[PROBLEM REQUIREMENTS]
Look through the records below and collect all lines that hold the string "forall".

[DATASET]

(* Let $\tilde U=[\tilde u_1,\dots,\tilde u_N]\in\mathbb R^{d\times N}$ be a normalized embedding, i.e. $\tilde K=\tilde U^\top\tilde U$ satisfies $\tilde K_{kk}=1$ for all $k\in[N]$. Let $C>0$ and $\mathcal H_{\tilde U}=\{w\mid w=\tilde U\beta,\ \beta\in\mathbb R^N,\ \|\beta\|_\infty\le C\}$. Then for $p\in(0,1/2]$, $$R(\mathcal H_{\tilde U},\tilde U,p)\le C\sqrt{2p\,\lambda_1(\tilde K)},$$ where $\lambda_1(\tilde K)$ is the largest eigenvalue of $\tilde K$.
   Context: Transductive Rademacher complexity: for a class $\mathcal H$ of vectors $h\in\mathbb R^d$ and $p\in(0,1/2]$, $R(\mathcal H,\tilde U,p)=\frac1N\mathbb E_\gamma\big[\sup_{h\in\mathcal H}\sum_{k=1}^N\gamma_k h^\top\tilde u_k\big]$, where $\gamma_1,\dots,\gamma_N$ are i.i.d. random variables taking values $+1,-1,0$ with probabilities $p,p,1-2p$. In the paper $\tilde U$ is an embedding of node pairs of a graph (columns indexed by pairs), but the statement only uses that the columns have unit norm. *)

From mathcomp Require Import all_boot all_order all_algebra.
From mathcomp Require Import classical_sets reals.
Set Implicit Arguments. Unset Strict Implicit. Unset Printing Implicit Defensive.
Import Order.TTheory GRing.Theory Num.Theory.
Local Open Scope ring_scope.
Local Open Scope classical_set_scope.

(* A draw of gamma_k is an element of 'I_3: 0 |-> +1, 1 |-> -1, 2 |-> 0. *)
Definition gam_val (R : ringType) (t : 'I_3) : R :=
  if val t == 0%N then 1 else if val t == 1%N then -1 else 0.

Definition gam_prob (R : ringType) (p : R) (t : 'I_3) : R :=
  if val t == 2%N then 1 - 2%:R * p else p.

(* Transductive Rademacher complexity
   R(H,U,p) = 1/N E_gamma [ sup_{h in H} sum_k gamma_k h^T u_k ],
   the expectation over i.i.d. gamma written as a finite weighted sum. *)
Definition trans_rademacher (R : realType) (d N : nat)
    (H : set 'cV[R]_d) (U : 'M[R]_(d, N)) (p : R) : R :=
  N%:R^-1 * \sum_(g : {ffun 'I_N -> 'I_3})
     (\prod_(k < N) gam_prob p (g k)) *
     sup [set x : R | exists2 h, H h &
            x = \sum_(k < N) gam_val R (g k) * ((h^T *m col k U) 0 0)].

Definition H_U (R : realType) (d N : nat) (U : 'M[R]_(d, N)) (C : R)
    : set 'cV[R]_d :=
  [set w | exists2 beta : 'cV[R]_N, (forall k, `|beta k 0| <= C) & w = U *m beta].

Definition largest_eigenvalue (R : realType) (n : nat) (K : 'M[R]_n) (lam : R) :=
  eigenvalue K lam /\ forall mu, eigenvalue K mu -> mu <= lam.

(* For h = U beta the objective sum_k gamma_k h^T u_k equals beta^T K gamma with
   K = U^T U, so the supremum over H_U is at most C ||K gamma||_1.  With
   t = sqrt (2 p lam), AM-GM gives ||K gamma||_1 <= (||K gamma||_2^2 + N t^2) / 2t.
   The gamma_k are uncorrelated with variance 2p, so E ||K gamma||_2^2 = 2p tr (K^2),
   and tr (K^2) <= lam tr K = lam N because the spectrum of the Gram matrix K lies
   in [0, lam].  Hence the expectation is at most C N t. *)

From mathcomp Require Import all_boot all_order all_algebra.
From mathcomp Require Import classical_sets reals complex ring lra.
Set Implicit Arguments. Unset Strict Implicit. Unset Printing Implicit Defensive.
Import Order.TTheory GRing.Theory Num.Theory.
Local Open Scope ring_scope.

Lemma mxtrace_mul_trmx (R : comPzSemiRingType) m n (A : 'M[R]_(m, n)) :
  \tr (A *m A^T) = \sum_i \sum_j A i j ^+ 2.
Proof. by apply: eq_bigr => i _; rewrite mxE; apply: eq_bigr => j _; rewrite mxE. Qed.

Lemma gram_eigenvalue_ge0 (R : realFieldType) m n (U : 'M[R]_(m, n)) a :
  eigenvalue (U^T *m U) a -> 0 <= a.
Proof.
move=> /eigenvalueP [v vK v_neq0].
have tr_ge0 k (M : 'M[R]_(k, _)) : 0 <= \tr (M *m M^T).
  by rewrite mxtrace_mul_trmx; do 2!apply: sumr_ge0 => ? _; exact: sqr_ge0.
have vv_gt0 : 0 < \tr (v *m v^T).
  rewrite lt_def tr_ge0 andbT; apply: contra v_neq0.
  rewrite mxtrace_mul_trmx big_ord1 psumr_eq0 => [/allP v0|j _]; last exact: sqr_ge0.
  apply/eqP/rowP => j; rewrite mxE; apply/eqP; rewrite -sqrf_eq0.
  by apply: v0; rewrite mem_index_enum.
have : \tr (v *m U^T *m (v *m U^T)^T) = a * \tr (v *m v^T).
  by rewrite trmx_mul trmxK !mulmxA -(mulmxA v) vK -scalemxAl mxtraceZ.
by move/(congr1 (fun x => 0 <= x)); rewrite tr_ge0 pmulr_lge0 // => <-.
Qed.

Lemma sym_mx_eigen_traces (R : rcfType) n (K : 'M[R]_n) : K^T = K ->
  exists a : 'I_n -> R, [/\ forall i, eigenvalue K (a i),
    \tr K = \sum_i a i & \tr (K *m K) = \sum_i a i ^+ 2].
Proof.
move=> K_sym; pose KC := map_mx (real_complex R) K.
have KC_herm : KC \is hermsymmx.
  apply: realsym_hermsym.
    apply/is_hermitianmxP; rewrite expr0 scale1r.
    by apply/matrixP => i j; rewrite !mxE -[in LHS]K_sym mxE.
  by apply/mxOverP => i j; rewrite mxE; apply/complex_realP; exists (K i j).
have /orthomx_spectralP KCE := hermitian_normalmx KC_herm.
set P := spectralmx KC in KCE; set D := spectral_diag KC in KCE.
have P_unit : P \in unitmx by apply: spectral_unit.
have DE i : D 0 i = real_complex R (complex.Re (D 0 i)).
  by rewrite RRe_real //; apply: (mxOverP (hermitian_spectral_diag_real KC_herm)).
exists (fun i => complex.Re (D 0 i)); split.
- move=> i; rewrite -(eigenvalue_map (real_complex R)) -/KC.
  apply/eigenvalueP; exists (row i P).
    rewrite -row_mul KCE !mulmxA mulmxV // mul1mx.
    by apply/rowP => j; rewrite mul_diag_mx !mxE [in LHS]DE.
  apply: contraNneq (oner_neq0 R[i]) => Pi0.
  have := congr1 (fun M => (M *m invmx P) 0 i) Pi0.
  by rewrite -row_mul mulmxV // row1 mul0mx !mxE !eqxx => /eqP.
- apply: (@complexI R); rewrite [RHS]rmorph_sum -trace_map_mx -/KC KCE.
  rewrite mxtrace_mulC mulmxA mulmxV // mul1mx mxtrace_diag.
  by apply: eq_bigr => i _; exact: DE.
- apply: (@complexI R); rewrite [RHS]rmorph_sum -trace_map_mx map_mxM -/KC KCE.
  rewrite -!mulmxA mulKVmx // mxtrace_mulC -!mulmxA mulmxV // mulmx1.
  rewrite mulmx_diag mxtrace_diag; apply: eq_bigr => i _.
  by rewrite mxE rmorphXn /= -DE expr2.
Qed.

Lemma mxtrace_le_eigen (R : rcfType) n (K : 'M[R]_n) lam : K^T = K ->
  (forall a, eigenvalue K a -> a <= lam) -> \tr K <= n%:R * lam.
Proof.
move=> /sym_mx_eigen_traces [a [a_eig -> _]] le_lam.
rewrite mulr_natl -[n in _ *+ n]card_ord -sumr_const.
by apply: ler_sum => i _; exact: le_lam.
Qed.

Lemma mxtrace_sqr_le (R : rcfType) n (K : 'M[R]_n) lam : K^T = K ->
  (forall a, eigenvalue K a -> 0 <= a <= lam) -> \tr (K *m K) <= lam * \tr K.
Proof.
move=> /sym_mx_eigen_traces [a [a_eig -> ->]] a_bnd.
rewrite mulr_sumr ler_sum // => i _; have /andP[a_ge0 a_le] := a_bnd _ (a_eig i).
by rewrite expr2 ler_wpM2r.
Qed.

Definition gam_weight (R : ringType) (p : R) N (g : {ffun 'I_N -> 'I_3}) : R :=
  \prod_(k < N) gam_prob p (g k).

Section GammaMoments.
Variables (R : comRingType) (p : R) (N : nat).

Lemma sum_gam_prob : \sum_t gam_prob p t = 1.
Proof. by rewrite !big_ord_recl big_ord0 /gam_prob /=; ring. Qed.

Lemma sum_gam_prob_val : \sum_t gam_prob p t * gam_val R t = 0.
Proof. by rewrite !big_ord_recl big_ord0 /gam_prob /gam_val /=; ring. Qed.

Lemma sum_gam_prob_sqr : \sum_t gam_prob p t * gam_val R t ^+ 2 = 2%:R * p.
Proof. by rewrite !big_ord_recl big_ord0 /gam_prob /gam_val /=; ring. Qed.

Lemma sum_gam_weight : \sum_(g : {ffun 'I_N -> 'I_3}) gam_weight p g = 1.
Proof.
rewrite -(bigA_distr_bigA (fun _ : 'I_N => gam_prob p)) /=.
by apply: big1 => k _; exact: sum_gam_prob.
Qed.

Lemma gam_covariance (k l : 'I_N) :
  \sum_(g : {ffun 'I_N -> 'I_3}) gam_weight p g * (gam_val R (g k) * gam_val R (g l))
  = (k == l)%:R * (2%:R * p).
Proof.
pose F (i : 'I_N) (t : 'I_3) := gam_prob p t *
   ((if i == k then gam_val R t else 1) * (if i == l then gam_val R t else 1)).
transitivity (\sum_(g : {ffun 'I_N -> 'I_3}) \prod_i F i (g i)).
  apply: eq_bigr => g _; rewrite /F !big_split /=.
  by rewrite -!big_mkcond !big_pred1_eq.
rewrite -bigA_distr_bigA /= (bigD1 k) //= /F eqxx; have [<-|kl] := eqVneq k l.
  rewrite [X in _ * X]big1 => [|i /negbTE ik]; last first.
    by rewrite ik; under eq_bigr do rewrite !mulr1; exact: sum_gam_prob.
  by rewrite -sum_gam_prob_sqr mulr1 mul1r; apply: eq_bigr => t _; rewrite expr2.
by under eq_bigr do rewrite mulr1; rewrite sum_gam_prob_val !mul0r.
Qed.

Lemma gam_sqr_moment (a : 'I_N -> R) :
  \sum_(g : {ffun 'I_N -> 'I_3}) gam_weight p g * (\sum_k a k * gam_val R (g k)) ^+ 2
  = 2%:R * p * \sum_k a k ^+ 2.
Proof.
have expand g : gam_weight p g * (\sum_k a k * gam_val R (g k)) ^+ 2
    = \sum_k \sum_l a k * a l * (gam_weight p g * (gam_val R (g k) * gam_val R (g l))).
  rewrite expr2 mulr_suml mulr_sumr; apply: eq_bigr => k _.
  by rewrite !mulr_sumr; apply: eq_bigr => l _; ring.
rewrite (eq_bigr _ (fun g _ => expand g)) exchange_big mulr_sumr; apply: eq_bigr => k _.
rewrite exchange_big; under eq_bigr do rewrite -mulr_sumr gam_covariance.
rewrite (bigD1 k) //= eqxx big1 ?addr0 => [|l /negbTE kl]; first by rewrite mul1r; ring.
by rewrite eq_sym kl mul0r mulr0.
Qed.

Lemma gam_sqr_moment_mx m (A : 'M[R]_(m, N)) :
  \sum_(g : {ffun 'I_N -> 'I_3})
     gam_weight p g * \sum_j (\sum_k A j k * gam_val R (g k)) ^+ 2
  = 2%:R * p * \tr (A *m A^T).
Proof.
under eq_bigr do rewrite mulr_sumr.
rewrite exchange_big mxtrace_mul_trmx mulr_sumr.
by apply: eq_bigr => j _; exact: gam_sqr_moment.
Qed.

End GammaMoments.

Lemma gam_weight_ge0 (R : realFieldType) (p : R) N (g : {ffun 'I_N -> 'I_3}) :
  0 <= p -> p <= 2%:R^-1 -> 0 <= gam_weight p g.
Proof.
move=> p_ge0 p_le; apply: prodr_ge0 => k _; rewrite /gam_prob.
by case: ifP => // _; rewrite subr_ge0 -ler_pdivlMl ?ltr0n // mulr1.
Qed.

Lemma expect_sum_norm_le (R : realFieldType) (I : finType) n
    (w : I -> R) (s : I -> 'I_n -> R) (t : R) :
  (forall i, 0 <= w i) -> \sum_i w i = 1 -> 0 < t ->
  \sum_i w i * \sum_j s i j ^+ 2 <= n%:R * t ^+ 2 ->
  \sum_i w i * \sum_j `|s i j| <= n%:R * t.
Proof.
move=> w_ge0 w_sum1 t_gt0 second_le.
have amgm (x : R) : `|x| * (t *+ 2) <= x ^+ 2 + t ^+ 2.
  rewrite -real_normK ?num_real //; have := sqr_ge0 (`|x| - t); nra.
rewrite -(@ler_pM2r _ (t *+ 2)) ?pmulrn_lgt0 //.
apply: (@le_trans _ _ (\sum_i w i * \sum_j (s i j ^+ 2 + t ^+ 2))).
  rewrite mulr_suml; apply: ler_sum => i _; rewrite -mulrA ler_wpM2l // mulr_suml.
  by apply: ler_sum => j _; exact: amgm.
under eq_bigr do rewrite big_split /= mulrDr sumr_const card_ord -mulr_natl.
rewrite big_split /= -mulr_suml w_sum1 mul1r; nra.
Qed.

Local Open Scope classical_set_scope.

Lemma sup_H_U_le (R : realType) d N (U : 'M[R]_(d, N)) (C : R) (c : 'I_N -> R) :
  0 <= C ->
  sup [set x : R | exists2 h, H_U U C h & x = \sum_k c k * ((h^T *m col k U) 0 0)]
  <= C * \sum_j `|\sum_k (U^T *m U) j k * c k|.
Proof.
move=> C_ge0; apply: ge_sup.
  exists (\sum_k c k * (((0 : 'cV_d)^T *m col k U) 0 0)); exists 0 => //.
  by exists 0; [move=> k; rewrite mxE normr0 | rewrite mulmx0].
move=> _ [_ [beta beta_le ->] ->].
have pairing k : ((U *m beta)^T *m col k U) 0 0 = \sum_j beta j 0 * (U^T *m U) j k.
  rewrite trmx_mul -mulmxA (_ : U^T *m col k U = col k (U^T *m U)).
    by rewrite mxE; apply: eq_bigr => j _; rewrite !mxE.
  by rewrite !colE mulmxA.
under eq_bigr do rewrite pairing mulr_sumr.
rewrite exchange_big mulr_sumr /=; apply: ler_sum => j _.
have -> : \sum_k c k * (beta j 0 * (U^T *m U) j k)
    = beta j 0 * \sum_k (U^T *m U) j k * c k.
  by rewrite mulr_sumr; apply: eq_bigr => k _; ring.
by rewrite (le_trans (ler_norm _)) // normrM ler_wpM2r.
Qed.

Section UnitDiagonalGram.
Variables (R : rcfType) (d N : nat) (U : 'M[R]_(d, N)) (lam : R).
Hypothesis gram_diag : forall k, (U^T *m U) k k = 1.
Hypothesis lam_max : forall mu, eigenvalue (U^T *m U) mu -> mu <= lam.

Let gram_sym : (U^T *m U)^T = U^T *m U.
Proof. by rewrite trmx_mul trmxK. Qed.

Lemma mxtrace_gram : \tr (U^T *m U) = N%:R.
Proof. by rewrite /mxtrace (eq_bigr _ (fun k _ => gram_diag k)) sumr_const card_ord. Qed.

Lemma gram_eigen_max_ge1 : (0 < N)%N -> 1 <= lam.
Proof.
move=> N_gt0; rewrite -(@ler_pMr _ _ N%:R) ?ltr0n //.
by rewrite -[X in X <= _]mxtrace_gram mxtrace_le_eigen.
Qed.

Lemma gam_gram_sqr_moment_le (p : R) : 0 <= p ->
  \sum_(g : {ffun 'I_N -> 'I_3}) gam_weight p g *
     \sum_j (\sum_k (U^T *m U) j k * gam_val R (g k)) ^+ 2
  <= N%:R * (2%:R * p * lam).
Proof.
move=> p_ge0; rewrite gam_sqr_moment_mx gram_sym -mxtrace_gram [X in _ <= X]mulrC.
rewrite -[_ * lam * _]mulrA ler_wpM2l ?mulr_ge0 //.
apply: mxtrace_sqr_le => // a a_eig.
by rewrite (gram_eigenvalue_ge0 a_eig) lam_max.
Qed.

End UnitDiagonalGram.

Theorem theorem2 (R : realType) (d N : nat) (U : 'M[R]_(d, N)) (C p lam : R) :
  (forall k : 'I_N, (U^T *m U) k k = 1) ->
  0 < C ->
  0 < p -> p <= 2%:R^-1 ->
  largest_eigenvalue (U^T *m U) lam ->
  trans_rademacher (H_U U C) U p <= C * Num.sqrt (2%:R * p * lam).
Proof.
move=> gram_diag C_gt0 p_gt0 p_le [_ lam_max].
have C_ge0 := ltW C_gt0; have p_ge0 := ltW p_gt0.
have [N0|N_gt0] := posnP N.
  rewrite /trans_rademacher (_ : N%:R^-1 = 0) ?mul0r; last by rewrite N0 invr0.
  by rewrite mulr_ge0 ?sqrtr_ge0.
have lam_gt0 := lt_le_trans ltr01 (gram_eigen_max_ge1 gram_diag lam_max N_gt0).
set t := Num.sqrt (2%:R * p * lam).
have t_gt0 : 0 < t by rewrite sqrtr_gt0 !mulr_gt0.
have t_sqr : t ^+ 2 = 2%:R * p * lam by rewrite sqr_sqrtr // !mulr_ge0 // ltW.
have second_le := gam_gram_sqr_moment_le gram_diag lam_max p_ge0.
rewrite -t_sqr in second_le.
have first_le := expect_sum_norm_le (fun g => gam_weight_ge0 g p_ge0 p_le)
  (sum_gam_weight p N) t_gt0 second_le.
rewrite /trans_rademacher.
apply: (@le_trans _ _ (N%:R^-1 * \sum_(g : {ffun 'I_N -> 'I_3}) gam_weight p g *
    (C * \sum_j `|\sum_k (U^T *m U) j k * gam_val R (g k)|))).
  rewrite ler_wpM2l ?invr_ge0 ?ler0n // ler_sum // => g _.
  rewrite ler_wpM2l ?gam_weight_ge0 //; exact: sup_H_U_le.
under eq_bigr do rewrite mulrCA.
by rewrite -mulr_sumr mulrCA ler_wpM2l // ler_pdivrMl ?ltr0n.
Qed.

[EXERCISE OUTPUT]
  [set w | exists2 beta : 'cV[R]_N, (forall k, `|beta k 0| <= C) & w = U *m beta].
  eigenvalue K lam /\ forall mu, eigenvalue K mu -> mu <= lam.
  exists a : 'I_n -> R, [/\ forall i, eigenvalue K (a i),
  (forall a, eigenvalue K a -> a <= lam) -> \tr K <= n%:R * lam.
  (forall a, eigenvalue K a -> 0 <= a <= lam) -> \tr (K *m K) <= lam * \tr K.
  (forall i, 0 <= w i) -> \sum_i w i = 1 -> 0 < t ->
Hypothesis gram_diag : forall k, (U^T *m U) k k = 1.
Hypothesis lam_max : forall mu, eigenvalue (U^T *m U) mu -> mu <= lam.
  (forall k : 'I_N, (U^T *m U) k k = 1) ->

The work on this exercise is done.